“And what toime should I meet you?”

“Make it ten o’clock sharp, Tom.”

“All right. I’ll be there. Good-by,” and he rang off.

I ordered lunch in my room, and after the landlady had explained with some heat that there would be an extra charge for having it served that way, I got it. When luncheon was over I settled down and tried to read a magazine. But it was hopeless. My thoughts would not keep themselves on the story but kept chasing each other round and round, until I gave it up as a bad job. Finally, I decided that a good rest would be in order, in view of the possibility that I would be up most of the night, and the certainty that I would need my wits about me. So I lay down, and after half an hour or so fell asleep.

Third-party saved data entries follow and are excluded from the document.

(* Under the hypotheses and notation of the Hankel matrix representation below, the $2^N\times2^{N-1}$ submatrix $\mathbf H(:,1{:}2^{N-1})$ consisting of the first $2^{N-1}$ columns of $\mathbf H$ satisfies $$\mathbf H(:,1{:}2^{N-1})=\sum_{t_1}\cdots\sum_{t_{N-1}}\mathbf H^{(N)}_{1,t_{N-1}}(:,1)\otimes\mathbf H^{(N-1)}_{t_{N-1},t_{N-2}}\otimes\cdots\otimes\mathbf H^{(1)}_{t_1,1},$$ where $\mathbf H^{(N)}_{1,t_{N-1}}(:,1)\in\mathbb R^{2\times1}$ is the first column of $\mathbf H^{(N)}_{1,t_{N-1}}$.
   Context: Setting: $N\ge2$; $\mathbf s=[s_1,\dots,s_{2^N}]^{\mathrm T}$ given in TT format $s_{(k_1,\dots,k_N)}=\sum_{r_1=1}^{R_1}\cdots\sum_{r_{N-1}=1}^{R_{N-1}}s^{(1)}_{1,k_1,r_1}s^{(2)}_{r_1,k_2,r_2}\cdots s^{(N)}_{r_{N-1},k_N,1}$ ($k_m\in\{1,2\}$, $R_0=R_N=1$), where $(k_1,\dots,k_N)=k_1+2(k_2-1)+\cdots+2^{N-1}(k_N-1)$. $\mathbf H\in\mathbb R^{2^N\times2^N}$ has entries $\mathbf H_{ij}=s_{2^N+1-i-j}$ if $i+j\le2^N$ and $0$ otherwise. With $\mathbf P=\begin{bmatrix}0&1\\1&0\end{bmatrix}$, $\mathbf Q=\begin{bmatrix}1&0\\0&0\end{bmatrix}$, $\mathbf R=\begin{bmatrix}0&0\\0&1\end{bmatrix}$, block matrices are $\widetilde{\mathbf M}^{(N)}_1=[\mathbf P\ \mathbf Q]$, $\widetilde{\mathbf M}^{(n)}_1=\begin{bmatrix}\mathbf P&\mathbf Q\\\mathbf 0&\mathbf R\end{bmatrix}$ ($2\le n\le N-1$), $\widetilde{\mathbf M}^{(1)}_1=\begin{bmatrix}\mathbf Q\\\mathbf R\end{bmatrix}$, $\widetilde{\mathbf M}^{(N)}_2=[\mathbf Q\ \mathbf 0]$, $\widetilde{\mathbf M}^{(n)}_2=\begin{bmatrix}\mathbf Q&\mathbf 0\\\mathbf R&\mathbf P\end{bmatrix}$ ($2\le n\le N-1$), $\widetilde{\mathbf M}^{(1)}_2=\begin{bmatrix}\mathbf 0\\\mathbf P\end{bmatrix}$; $\mathbf M^{(n)}_{q_n,k,q_{n-1}}$ is the $(q_n,q_{n-1})$-th $2\times2$ block of $\widetilde{\mathbf M}^{(n)}_k$ ($q_N=q_0=1$). For $t_n=(r_n,q_n)\in\{1,\dots,R_n\}\times\{1,2\}$ (with $t_N=t_0=1$ meaning $(1,1)$), $\mathbf H^{(n)}_{(r_n,q_n),(r_{n-1},q_{n-1})}=\sum_{k=1}^2 s^{(n)}_{r_{n-1},k,r_n}\mathbf M^{(n)}_{q_n,k,q_{n-1}}\in\mathbb R^{2\times2}$. $\otimes$ is the Kronecker product, with the index of the right factor varying fastest. Sums over $t_n$ range over all $2R_n$ pairs. *)

From HB Require Import structures.
From mathcomp Require Import all_boot all_order all_algebra.
Set Implicit Arguments. Unset Strict Implicit. Unset Printing Implicit Defensive.
Import Order.TTheory GRing.Theory Num.Theory.
Local Open Scope ring_scope.

Lemma ord_mul_pos_r (m1 m2 : nat) (i : 'I_(m1 * m2)) : (0 < m2)%N.
Proof.
have : (nat_of_ord i < m1 * m2)%N := ltn_ord i.
move: (nat_of_ord i); clear i; by case: m2 => // k; rewrite muln0.
Qed.

Lemma ord_div_proof (m1 m2 : nat) (i : 'I_(m1 * m2)) : (i %/ m2 < m1)%N.
Proof. by rewrite ltn_divLR ?(ord_mul_pos_r i) // mulnC. Qed.

Lemma ord_mod_proof (m1 m2 : nat) (i : 'I_(m1 * m2)) : (i %% m2 < m2)%N.
Proof. by rewrite ltn_pmod ?(ord_mul_pos_r i). Qed.

Definition ord_hi (m1 m2 : nat) (i : 'I_(m1 * m2)) : 'I_m1 := Ordinal (ord_div_proof i).
Definition ord_lo (m1 m2 : nat) (i : 'I_(m1 * m2)) : 'I_m2 := Ordinal (ord_mod_proof i).

Definition kron (R : pzRingType) (m1 n1 m2 n2 : nat)
  (A : 'M[R]_(m1, n1)) (B : 'M[R]_(m2, n2)) : 'M[R]_(m1 * m2, n1 * n2) :=
  \matrix_(i, j) (A (ord_hi i) (ord_hi j) * B (ord_lo i) (ord_lo j)).

Fixpoint kron_chain (R : pzRingType) (n : nat) (f : nat -> 'M[R]_2) : 'M[R]_(2 ^ n) :=
  match n return 'M[R]_(2 ^ n) with
  | 0 => 1%:M
  | n'.+1 => castmx (esym (expnS 2 n'), esym (expnS 2 n'))
                    (kron (f n'.+1) (kron_chain n' f))
  end.

Fixpoint multi_idx (b : seq nat) : seq (seq nat) :=
  match b with
  | [::] => [:: [::]]
  | n :: b' => [seq i :: t | i <- iota 0 n, t <- multi_idx b']
  end.

(* ---------- Conventions: everything is 0-based.
   Rk n       = R_n  (n = 0..N), with R_0 = R_N = 1.
   core n r k r' = s^{(n)}_{r+1, k+1, r'+1}  for n = 1..N,
                  r < R_{n-1}, k < 2, r' < R_n.
   Given rs = [r_1; ...; r_{N-1}] (0-based), full_idx rs = [r_0; r_1; ...; r_N]
   with r_0 = r_N = 0 (i.e. the 1-based index 1). *)
Definition full_idx (rs : seq nat) : seq nat := 0%N :: rcons rs 0%N.

Definition rank_bounds (N : nat) (Rk : nat -> nat) : seq nat :=
  [seq Rk n | n <- iota 1 N.-1].

(* binary digit m of j: k_{m+1} - 1 for the 0-based index j of s *)
Definition digit (j m : nat) : nat := (j %/ 2 ^ m) %% 2.

(* s_{j+1} (0-based index j < 2^N), given in TT format *)
Definition tt_entry (R : pzRingType) (N : nat) (Rk : nat -> nat)
  (core : nat -> nat -> nat -> nat -> R) (j : nat) : R :=
  \sum_(rs <- multi_idx (rank_bounds N Rk))
     \prod_(m < N) core m.+1 (nth 0%N (full_idx rs) m) (digit j m)
                             (nth 0%N (full_idx rs) m.+1).

(* The Hankel matrix H (0-based i, j): H_{i+1,j+1} = s_{2^N - 1 - i - j}
   if (i+1)+(j+1) <= 2^N, else 0. *)
Definition hankel (R : pzRingType) (N : nat) (Rk : nat -> nat)
  (core : nat -> nat -> nat -> nat -> R) : 'M[R]_(2 ^ N) :=
  \matrix_(i, j) (if (i + j + 2 <= 2 ^ N)%N
                  then tt_entry N Rk core (2 ^ N - 2 - i - j)%N
                  else 0).

Lemma exp_half_le (N : nat) : (2 ^ (N - 1) <= 2 ^ N)%N.
Proof. by rewrite leq_pexp2l // leq_subr. Qed.

Definition hankel_left (R : pzRingType) (N : nat) (Rk : nat -> nat)
  (core : nat -> nat -> nat -> nat -> R) : 'M[R]_(2 ^ N, 2 ^ (N - 1)) :=
  colsub (widen_ord (exp_half_le N)) (hankel N Rk core).

Section Blocks.
Variable R : pzRingType.

Definition Pm : 'M[R]_2 := \matrix_(i, j) (if i != j then 1 else 0).
Definition Qm : 'M[R]_2 := \matrix_(i, j) (if (i == 0 :> nat) && (j == 0 :> nat) then 1 else 0).
Definition Rm : 'M[R]_2 := \matrix_(i, j) (if (i == 1 :> nat) && (j == 1 :> nat) then 1 else 0).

It was well after eight o’clock when I woke up, ravenously hungry. I had a latch-key, so I left the house quietly without seeing any one. I slouched into a little quick-lunch restaurant on Sixth Avenue and, sitting with my cap on, put away a large-sized meal. I borrowed a paper from the waiter and sat reading it and smoking, with my back to the street, until about ten minutes to ten. Then I set out to meet Larry. My head was still rather painful, but the autumn air was fresh and invigorating, and the thought of action was an unfailing stimulus. In any kind of affair that requires patient watching I am a hopeless failure. For the thought of Natalie’s fate drove me nearly wild to do something, although my plan promised a slim enough chance of learning any news of her.

Larry was sitting in the little back parlor of the saloon, immersed in a much-thumbed copy of the Police Gazette. I slouched up to his table and sat down, banging on the top of it for the waiter. I had a two-days’ beard by now and my hands were as dirty as they could get in the time allowed them. So I had little fear of being picked up and arrested for the burglary.

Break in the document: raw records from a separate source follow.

Lemma exp_neg_sq_mul_cosh_le_1 y : 0 <= y -> exp (- (y ^ 2) / 2) * cosh y <= 1.
Proof.
intros Hy.
assert (H := le_of_is_derive_nonneg (fun y => - (exp (- (y ^ 2) / 2) * cosh y))
               (fun y => exp (- (y ^ 2) / 2) * (y * cosh y - sinh y)) 0 y).
cbv beta in H; rewrite cosh_0 in H; replace (- (0 ^ 2) / 2) with 0 in H by (simpl; field).
rewrite exp_0 in H.
enough (- (1 * 1) <= - (exp (- (y ^ 2) / 2) * cosh y)) by lra.
apply H; auto.
- intros x; evar (d : R); replace (exp (- (x ^ 2) / 2) * (x * cosh x - sinh x)) with d.
  + apply (is_derive_opp (K := R_AbsRing) (V := R_NormedModule)
             (fun y => exp (- (y ^ 2) / 2) * cosh y)).
    apply (is_derive_mult (fun y => exp (- (y ^ 2) / 2)) cosh);
      [auto_derive; auto | apply is_derive_cosh | intros; apply Rmult_comm].
  + unfold d, opp, plus, mult, one; simpl; unfold mult; simpl; unfold Rdiv; field.
- intros x; apply (ex_derive_continuous (K := R_AbsRing) (V := R_NormedModule)).
  unfold cosh, sinh; auto_derive; auto.
- intros x Hx; apply Rmult_le_pos; [apply Rlt_le, exp_pos |].
  pose proof (sinh_le_mul_cosh x ltac:(lra)); lra.
Qed.

Lemma cosh_le_exp_sq z : cosh z <= exp (z ^ 2 / 2).
Proof.
assert (Hpos : forall y, 0 <= y -> cosh y <= exp (y ^ 2 / 2)).
{ intros y Hy; pose proof (exp_neg_sq_mul_cosh_le_1 y Hy).
  assert (E : exp (- (y ^ 2) / 2) * exp (y ^ 2 / 2) = 1).
  { rewrite <- exp_plus; replace (- (y ^ 2) / 2 + y ^ 2 / 2) with 0 by field.
    apply exp_0. }
  pose proof (exp_pos (y ^ 2 / 2)); pose proof (exp_pos (- (y ^ 2) / 2)).
  apply Rmult_le_reg_l with (exp (- (y ^ 2) / 2)); nra. }
destruct (Rle_or_lt 0 z) as [Hz | Hz]; [apply Hpos; lra |].
rewrite <- cosh_opp; replace (z ^ 2) with ((- z) ^ 2) by ring; apply Hpos; lra.
Qed.

Definition weight (z : R) : R := / (exp (- z) + exp z) ^ 2.

Lemma weight_cosh z : weight z = / (4 * cosh z ^ 2).
Proof. unfold weight, cosh; f_equal; field. Qed.

Lemma weight_pos z : 0 < weight z.
Proof.
rewrite weight_cosh; apply Rinv_0_lt_compat.
pose proof (cosh_pos z); simpl; nra.
Qed.

Lemma weight_le_quarter z : weight z <= / 4.
Proof.
rewrite weight_cosh; pose proof (cosh_ge_1 z).
apply Rinv_le_contravar; simpl; nra.
Qed.

Lemma weight_antitone a b : Rabs a <= Rabs b -> weight b <= weight a.
Proof.
intros Hab; rewrite !weight_cosh.
pose proof (cosh_le_abs a b Hab); pose proof (cosh_ge_1 a).
apply Rinv_le_contravar; simpl; nra.
Qed.

Lemma weight_ge_exp_sq z : / 4 * exp (- z ^ 2) <= weight z.
Proof.
rewrite weight_cosh.
replace (exp (- z ^ 2)) with (/ (exp (z ^ 2 / 2) * exp (z ^ 2 / 2)))
  by (rewrite <- exp_plus, <- exp_Ropp; f_equal; field).
pose proof (cosh_le_exp_sq z); pose proof (cosh_ge_1 z).
set (e := exp (z ^ 2 / 2)) in *; set (ch := cosh z) in *.
rewrite <- Rinv_mult; apply Rinv_le_contravar; nra.
Qed.

Lemma continuous_weight z : continuous weight z.
Proof.
apply (ex_derive_continuous (K := R_AbsRing) (V := R_NormedModule)).
unfold weight; auto_derive.
pose proof (exp_pos z); pose proof (exp_pos (- z)); nra.
Qed.

Lemma is_derive_tanh z : is_derive tanh z (4 * weight z).
Proof.
rewrite weight_cosh; unfold tanh.
pose proof (cosh_pos z).
evar (d : R); replace (4 * / (4 * cosh z ^ 2)) with d.
- apply (is_derive_div sinh cosh); [apply is_derive_sinh | apply is_derive_cosh | lra].
- unfold d; rewrite cosh_sq_sub_sinh_sq; field; lra.
Qed.

Lemma tanh_0 : tanh 0 = 0.
Proof. unfold tanh; rewrite sinh_0, cosh_0; field. Qed.

Lemma continuous_slope_at_0 (g : R -> R) (l z : R) :
  g 0 = 0 -> is_derive g 0 l -> (forall x, continuous g x) ->
  continuous (fun x => if Req_EM_T x 0 then l else g x / x) z.
Proof.
intros Hg0 Hd Hc.
destruct (Req_EM_T z 0) as [-> | Hz].
- apply continuity_pt_filterlim; intros eps Heps.
  destruct (proj1 (is_derive_Reals g 0 l) Hd eps Heps) as [del Hdel].
  exists del; split; [apply cond_pos |].
  intros x [[_ Hx0] Hxd]; simpl in *; unfold R_dist in *.
  destruct (Req_EM_T 0 0) as [_ | []]; [| reflexivity].
  destruct (Req_EM_T x 0) as [-> | Hx]; [contradiction |].
  rewrite Rminus_0_r in Hxd.
  specialize (Hdel x Hx Hxd); rewrite Rplus_0_l, Hg0, Rminus_0_r in Hdel; exact Hdel.
- apply (continuous_ext_loc _ (fun x => g x * / x)).
  + exists (mkposreal (Rabs z) (Rabs_pos_lt _ Hz)); intros x Hx.
    destruct (Req_EM_T x 0) as [-> | _]; [| reflexivity].
    exfalso; unfold ball in Hx; simpl in Hx; unfold AbsRing_ball, abs, minus, plus, opp in Hx.
    simpl in Hx; rewrite Rplus_0_l, Rabs_Ropp in Hx; lra.
  + apply (continuous_mult (K := R_AbsRing)); [apply Hc | apply continuous_Rinv, Hz].
Qed.

Definition tanh_slope (z : R) : R := if Req_EM_T z 0 then 1 else tanh z / z.

Lemma continuous_tanh_slope z : continuous tanh_slope z.
Proof.
apply (continuous_slope_at_0 tanh 1 z tanh_0).
- replace 1 with (4 * weight 0) by (unfold weight; rewrite Ropp_0, exp_0; field).
  apply is_derive_tanh.
- intros x; apply (ex_derive_continuous (K := R_AbsRing) (V := R_NormedModule)).
  eexists; apply is_derive_tanh.
Qed.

“Lo, Mike,” said Larry, looking up. “Phwat’s new wid ye?”

“Hell—nothin’!” I answered, and then to the waiter: “Gimme a beer.”

The waiter looked me over curiously until I caught his eye. Then he shuffled hastily away. Larry leaned over the table. “Drink yer beer and let’s git out av ut, sor, I don’t like the waiter. He moight be a stool-pidgeon.” He winked. “This is a bit of a hang-out fer the gangsters around here, d’ye disremember, sor?”

Larry and I had witnessed a bloodthirsty and noisy gun fight there some weeks before, but I had forgotten the details, except that the aim had been poor and the battle comparatively bloodless.